=== Given records ===

Lemma probe_stepK x p : probe_step K (inv_letter x) (probe_step K x p) = p.
Proof.
case: p => [[pos y1] y2]; case: x => /=; rewrite ?addrK ?subrK //.
- case: (pos =P K) => [->|hK]; first by rewrite /= eqxx addrK.
  case: (pos =P 0) => [e0|h0] /=.
    by rewrite e0 in hK *; rewrite /= (negbTE (introN eqP hK)) addrK.
  by rewrite /= (negbTE (introN eqP hK)) (negbTE (introN eqP h0)).
- case: (pos =P K) => [->|hK]; first by rewrite /= eqxx subrK.
  case: (pos =P 0) => [e0|h0] /=.
    by rewrite e0 in hK *; rewrite /= (negbTE (introN eqP hK)) subrK.
  by rewrite /= (negbTE (introN eqP hK)) (negbTE (introN eqP h0)).
Qed.

Lemma act_probe_away0 w x y1 y2 :
  0 < x - (size w)%:Z \/ x + (size w)%:Z < 0 ->
  act (probe_step K) w (x, y1, y2) = (a_height x w, y1 + b_count x w K, y2).
Proof.
elim: w x y1 => [|l w IH] x y1 h; first by rewrite /= addr0.
rewrite act_cons; rewrite [size _]/= in h.
case: l h => /= h; try by rewrite IH //; lia.
- rewrite (_ : (x == 0) = false); last by apply/eqP; lia.
  case: (x =P K) => [eK|hK]; rewrite IH /=; try lia; congr (_, _, _); ring.
- rewrite (_ : (x == 0) = false); last by apply/eqP; lia.
  case: (x =P K) => [eK|hK]; rewrite IH /=; try lia; congr (_, _, _); ring.
Qed.

Lemma act_probe_awayK w x y1 y2 :
  K < x - (size w)%:Z \/ x + (size w)%:Z < K ->
  act (probe_step K) w (x, y1, y2) = (a_height x w, y1, y2 + b_count x w 0 * y1).
Proof.
elim: w x y2 => [|l w IH] x y2 h; first by rewrite /= mul0r addr0.
rewrite act_cons; rewrite [size _]/= in h.
case: l h => /= h; try by rewrite IH //; lia.
- rewrite (_ : (x == K) = false); last by apply/eqP; lia.
  case: (x =P 0) => [e0|h0]; rewrite IH /=; try lia; congr (_, _, _); ring.
- rewrite (_ : (x == K) = false); last by apply/eqP; lia.
  case: (x =P 0) => [e0|h0]; rewrite IH /=; try lia; congr (_, _, _); ring.
Qed.

Lemma balanced_probe_ker (L : nat) w : 2 * L%:Z < K -> (size w <= L)%N ->
  a_height L w = L -> (forall z, b_count L w z = 0) -> act_ker (probe_step K) w.
Proof.
move=> hK hs he hc [[x y1] y2].
have hx : x = L%:Z + (x - L%:Z) by ring.
have ex : a_height x w = x by rewrite hx a_height_shift he.
have cx z : b_count x w z = 0.
  by rewrite hx -(subrK (x - L%:Z) z) b_count_shift hc.
have [/orP h|h] := boolP ((0 < x - (size w)%:Z) || (x + (size w)%:Z < 0)).
  by rewrite act_probe_away0 // ex cx addr0.
rewrite act_probe_awayK ?ex ?cx ?mul0r ?addr0 //.
by move: h; rewrite negb_or -!leNgt; lia.
Qed.

End ProbeAction.

Section DeepCommutator.
Variable K : nat.

Lemma act_probe_nseqA k x y1 y2 :
  act (probe_step K) (nseq k LA) (x, y1, y2) = (x + k%:Z, y1, y2).
Proof.
elim: k x => [|k IH] x; first by rewrite addr0.
by rewrite [nseq _ _]/= act_cons /= IH; congr (_, _, _); lia.
Qed.

Lemma act_probe_nseqAi k x y1 y2 :
  act (probe_step K) (nseq k LAi) (x, y1, y2) = (x - k%:Z, y1, y2).
Proof.
elim: k x => [|k IH] x; first by rewrite subr0.
by rewrite [nseq _ _]/= act_cons /= IH; congr (_, _, _); lia.
Qed.

Lemma act_probe_bpow z y1 y2 :
  act (probe_step K) (bpow z) (K%:Z, y1, y2) = (K%:Z, y1 + z, y2).
Proof.
have act_nseq n l e : (forall y, probe_step K l (K%:Z, y, y2) = (K%:Z, y + e, y2)) ->
    act (probe_step K) (nseq n l) (K%:Z, y1, y2) = (K%:Z, y1 + e *~ n, y2).
  move=> hl; elim: n y1 => [|n IH] y; first by rewrite addr0.
  by rewrite [nseq _ _]/= act_cons hl IH; congr (_, _, _); lia.
case: z => n.
  by rewrite (act_nseq _ _ 1) ?intz // => y /=; rewrite eqxx.
rewrite (act_nseq _ _ (-1)) => [|y /=]; last by rewrite eqxx.
by congr (_, _, _); rewrite NegzE; lia.
Qed.

Lemma act_probe_deep_comm m : (0 < K)%N ->
  act (probe_step K) (deep_comm m K) (0, 0, 0) = (0, 0, m ^+ K).
Proof.
move=> K0; have K0F : ((0 : int) == K%:Z) = false by apply/eqP; lia.
have hconj y1 y2 :
    act (probe_step K) (deep_conj m K) (0, y1, y2) = (0, y1 + m ^+ K, y2).
  by rewrite /deep_conj !act_cat act_probe_nseqA add0r act_probe_bpow act_probe_nseqAi subrr.
rewrite /deep_comm act_cat hconj add0r !act_cat /= K0F add0r.
rewrite -{1}(add0r (m ^+ K)) -hconj act_invK; last exact: probe_stepK.
by rewrite /= K0F subr0.
Qed.

End DeepCommutator.

Lemma BS_short_probe_ker (m q : int) (L : nat) w :
  m != 0 -> (absz m * (L * (2 * L + 1)).+1 < absz q)%N ->
  BS m q w -> (size w <= L)%N -> act_ker (probe_step (2 * L + 1)%N) w.
Proof.
move=> m0 hq hw hs.
have q0 : q != 0 by apply: contraTneq hq => ->.
have s0 : (m%:~R / q%:~R : rat) != 0 by rewrite mulf_neq0 ?invr_eq0 ?intr_eq0.
have ratio : (L * (2 * L + 1)).+1%:R < `|(m%:~R / q%:~R : rat)^-1|.
  have mpos : 0 < `|m%:~R : rat| by rewrite normr_gt0 intr_eq0.
  rewrite invf_div normrM normfV ltr_pdivlMr // -!intr_norm -!abszE.
  by rewrite -!pmulrn -natrM ltr_nat mulnC.
have [he hc] := aff_ker_balanced s0 (BS_aff_ker m0 q0 hw) hs ratio.
by apply: (balanced_probe_ker (L := L)) => //; lia.
Qed.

===

#### The problem
What you give back should be only the lines of the records above, starting at the line with "elim: w x y2" and ending at the line with "by rewrite act_probe_away0 // ex cx addr0.", restated word for word.

#### Result for this exercise
elim: w x y2 => [|l w IH] x y2 h; first by rewrite /= mul0r addr0.
rewrite act_cons; rewrite [size _]/= in h.
case: l h => /= h; try by rewrite IH //; lia.
- rewrite (_ : (x == K) = false); last by apply/eqP; lia.
  case: (x =P 0) => [e0|h0]; rewrite IH /=; try lia; congr (_, _, _); ring.
- rewrite (_ : (x == K) = false); last by apply/eqP; lia.
  case: (x =P 0) => [e0|h0]; rewrite IH /=; try lia; congr (_, _, _); ring.
Qed.

Lemma balanced_probe_ker (L : nat) w : 2 * L%:Z < K -> (size w <= L)%N ->
  a_height L w = L -> (forall z, b_count L w z = 0) -> act_ker (probe_step K) w.
Proof.
move=> hK hs he hc [[x y1] y2].
have hx : x = L%:Z + (x - L%:Z) by ring.
have ex : a_height x w = x by rewrite hx a_height_shift he.
have cx z : b_count x w z = 0.
  by rewrite hx -(subrK (x - L%:Z) z) b_count_shift hc.
have [/orP h|h] := boolP ((0 < x - (size w)%:Z) || (x + (size w)%:Z < 0)).
  by rewrite act_probe_away0 // ex cx addr0.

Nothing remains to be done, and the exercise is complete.